Exercise requirements> Go to the line containing "Local Open Scope fset_scope." in the records below and print it and every following line exactly, on through the line containing "for a = b = 0", then stop.
Segment Start: Input data
(* Let $G$ be a commutative group, $H$ a subgroup, $G'=G/H$ and $\varphi:G\to G'$ the natural homomorphism. Let $U\subset G$ be a nonempty finite set, $V=\varphi(U)$, and $1<p<\infty$. Then \[ \beta_p(U)\ge\beta_p(V)\min_{x\in V}\beta_p\bigl(U\cap\varphi^{-1}(x)\bigr), \] where $\beta_p(V)$ is computed in $G'$ and the other quantities in $G$.
   Context: For a finite set $U$ in a commutative group $K$ and $1<p<\infty$, $\beta_p(U)=\inf_{A,B}\frac{|A+B+U|}{|A|^{1/p}|B|^{1-1/p}}$, the infimum over all nonempty finite $A,B\subset K$. *)

From HB Require Import structures.
From mathcomp Require Import all_boot all_order all_algebra.
From mathcomp Require Import finmap.
From mathcomp Require Import classical_sets boolp reals exp.
Set Implicit Arguments. Unset Strict Implicit. Unset Printing Implicit Defensive.
Import Order.TTheory GRing.Theory Num.Theory.
Local Open Scope ring_scope.
Local Open Scope classical_set_scope.
Local Open Scope fset_scope.

Definition sumset (G : zmodType) (A B : {fset G}) : {fset G} :=
  [fset (a + b)%R | a in A, b in B].

Definition beta_ratio (R : realType) (G : zmodType) (p : R) (U A B : {fset G}) : R :=
  (#|` sumset (sumset A B) U|%:R) /
    ((#|` A|%:R `^ p^-1) * (#|` B|%:R `^ (1 - p^-1))).

Definition beta (R : realType) (G : zmodType) (p : R) (U : {fset G}) : R :=
  inf [set r : R | exists A B : {fset G},
         [/\ A != fset0, B != fset0 & r = beta_ratio p U A B]].

Definition fimage (G G' : zmodType) (phi : G -> G') (U : {fset G}) : {fset G'} :=
  [fset phi u | u in U].
Definition fibre (G G' : zmodType) (phi : G -> G') (U : {fset G}) (x : G') : {fset G} :=
  [fset u in U | phi u == x].

(* min over x in V of beta_p(U ∩ phi^{-1}(x)); V finite nonempty, so this
   infimum of a finite nonempty set of reals is its minimum. *)
Definition min_fibre_beta (R : realType) (G G' : zmodType) (p : R)
    (phi : G -> G') (U : {fset G}) : R :=
  inf [set beta p (fibre phi U x) | x in [set x | x \in fimage phi U]].

From HB Require Import structures.
From mathcomp Require Import all_boot all_order all_algebra.
From mathcomp Require Import finmap.
From mathcomp Require Import classical_sets boolp reals exp.
From mathcomp Require Import ring lra zify.
Import Order.TTheory GRing.Theory Num.Theory.
Local Open Scope ring_scope.

(* Put s = 1/p, t = 1 - 1/p, V = phi(U) and m = min_(x in V) beta_p(U_x), where
   U_x = U ∩ phi^-1(x).  For nonempty A, B all of whose fibres over phi(A),
   phi(B) have at least a, b elements, one shows by induction on |A| + |B| that
     m (beta_p(V) |A|^s |B|^t
        + (|phi(A) + phi(B) + V| - beta_p(V) |phi(A)|^s |phi(B)|^t) a^s b^t)
       <= |A + B + U|;
   for a = b = 0 this is the theorem.  The fibre of A + B + U over y + z + x
   contains A_y + B_z + U_x, so it has at least m a^s b^t elements.  In the
   inductive step one deletes a smallest fibre of A if
   |phi(A)| a |B| <= |phi(B)| b |A| (a and b now being the smallest fibre
   sizes), and symmetrically of B otherwise: the points of phi(A) + phi(B) + V
   that disappear are paid for by such full fibres, and the concavity of
   u |-> u^s bounds what is lost in |A|^s |B|^t. *)

Section PowR.
Context {R : realType}.

Lemma ler_powR2 {r x y : R} : 0 <= r -> 0 <= x -> x <= y -> x `^ r <= y `^ r.
Proof. by move=> r0 x0 xy; apply: ge0_ler_powR; rewrite ?nnegrE // (le_trans x0). Qed.

Lemma powR_split {s t x : R} : s + t = 1 -> 0 <= x -> x `^ s * x `^ t = x.
Proof.
move=> st x0; have [->|xn0] := eqVneq x 0.
  have [s0|s0] := eqVneq s 0; last by rewrite powR0 // mul0r.
  have -> : t = 1 by rewrite -st s0 add0r.
  by rewrite s0 powRr0 powRr1 // mul1r.
by rewrite -powRD ?st ?powRr1 //; apply/implyP.
Qed.

Lemma powR_weighted_amgm {s x y : R} : 0 < s -> s < 1 -> 0 <= x -> 0 <= y ->
  x `^ s * y `^ (1 - s) <= s * x + (1 - s) * y.
Proof.
move=> s0 s1 x0 y0; have s'0 : 0 < 1 - s by lra.
have := @conjugate_powR R (x `^ s) (y `^ (1 - s)) s^-1 (1 - s)^-1
  (powR_ge0 _ _) (powR_ge0 _ _) ltac:(by rewrite invr_gt0) ltac:(by rewrite invr_gt0).
rewrite -!powRrM !mulfV ?gt_eqF // !powRr1 // !invrK (mulrC x) (mulrC y).
by apply; lra.
Qed.

Lemma powR_concave {s l x y : R} : 0 < s -> s < 1 -> 0 <= l <= 1 ->
  0 <= x -> 0 <= y ->
  l * x `^ s + (1 - l) * y `^ s <= (l * x + (1 - l) * y) `^ s.
Proof.
move=> s0 s1 /andP[l0 l1] x0 y0; set z := l * x + (1 - l) * y.
have lx0 : 0 <= l * x by rewrite mulr_ge0.
have ly0 : 0 <= (1 - l) * y by rewrite mulr_ge0 // subr_ge0.
have [z0|zn0] := eqVneq z 0.
  have mul_powR_eq0 c u : c * u == 0 -> c * u `^ s = 0.
    by rewrite mulf_eq0 => /orP[]/eqP->; rewrite ?mul0r ?powR0 ?gt_eqF ?mulr0.
  move/eqP: (z0); rewrite paddr_eq0 // => /andP[/mul_powR_eq0-> /mul_powR_eq0->].
  by rewrite z0 powR0 ?gt_eqF // addr0.
have z_gt0 : 0 < z by rewrite lt_neqAle eq_sym zn0 addr_ge0.
(* Multiply by z^(1-s) and add the AM-GM bounds for x^s z^(1-s) and y^s z^(1-s). *)
have hx := powR_weighted_amgm s0 s1 x0 (ltW z_gt0).
have hy := powR_weighted_amgm s0 s1 y0 (ltW z_gt0).
have zs : z `^ s * z `^ (1 - s) = z by rewrite powR_split ?(ltW z_gt0) // addrC subrK.
rewrite -(ler_pM2r (powR_gt0 (1 - s) z_gt0)) zs mulrDl -!mulrA.
have ez : z = l * (s * x + (1 - s) * z) + (1 - l) * (s * y + (1 - s) * z).
  by rewrite /z; ring.
rewrite [X in _ <= X]ez.
by apply: lerD; apply: ler_wpM2l => //; rewrite subr_ge0.
Qed.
Segment End: Input data
Task solution>
Local Open Scope fset_scope.

Definition sumset (G : zmodType) (A B : {fset G}) : {fset G} :=
  [fset (a + b)%R | a in A, b in B].

Definition beta_ratio (R : realType) (G : zmodType) (p : R) (U A B : {fset G}) : R :=
  (#|` sumset (sumset A B) U|%:R) /
    ((#|` A|%:R `^ p^-1) * (#|` B|%:R `^ (1 - p^-1))).

Definition beta (R : realType) (G : zmodType) (p : R) (U : {fset G}) : R :=
  inf [set r : R | exists A B : {fset G},
         [/\ A != fset0, B != fset0 & r = beta_ratio p U A B]].

Definition fimage (G G' : zmodType) (phi : G -> G') (U : {fset G}) : {fset G'} :=
  [fset phi u | u in U].
Definition fibre (G G' : zmodType) (phi : G -> G') (U : {fset G}) (x : G') : {fset G} :=
  [fset u in U | phi u == x].

(* min over x in V of beta_p(U ∩ phi^{-1}(x)); V finite nonempty, so this
   infimum of a finite nonempty set of reals is its minimum. *)
Definition min_fibre_beta (R : realType) (G G' : zmodType) (p : R)
    (phi : G -> G') (U : {fset G}) : R :=
  inf [set beta p (fibre phi U x) | x in [set x | x \in fimage phi U]].

From HB Require Import structures.
From mathcomp Require Import all_boot all_order all_algebra.
From mathcomp Require Import finmap.
From mathcomp Require Import classical_sets boolp reals exp.
From mathcomp Require Import ring lra zify.
Import Order.TTheory GRing.Theory Num.Theory.
Local Open Scope ring_scope.

(* Put s = 1/p, t = 1 - 1/p, V = phi(U) and m = min_(x in V) beta_p(U_x), where
   U_x = U ∩ phi^-1(x).  For nonempty A, B all of whose fibres over phi(A),
   phi(B) have at least a, b elements, one shows by induction on |A| + |B| that
     m (beta_p(V) |A|^s |B|^t
        + (|phi(A) + phi(B) + V| - beta_p(V) |phi(A)|^s |phi(B)|^t) a^s b^t)
       <= |A + B + U|;
   for a = b = 0 this is the theorem.  The fibre of A + B + U over y + z + x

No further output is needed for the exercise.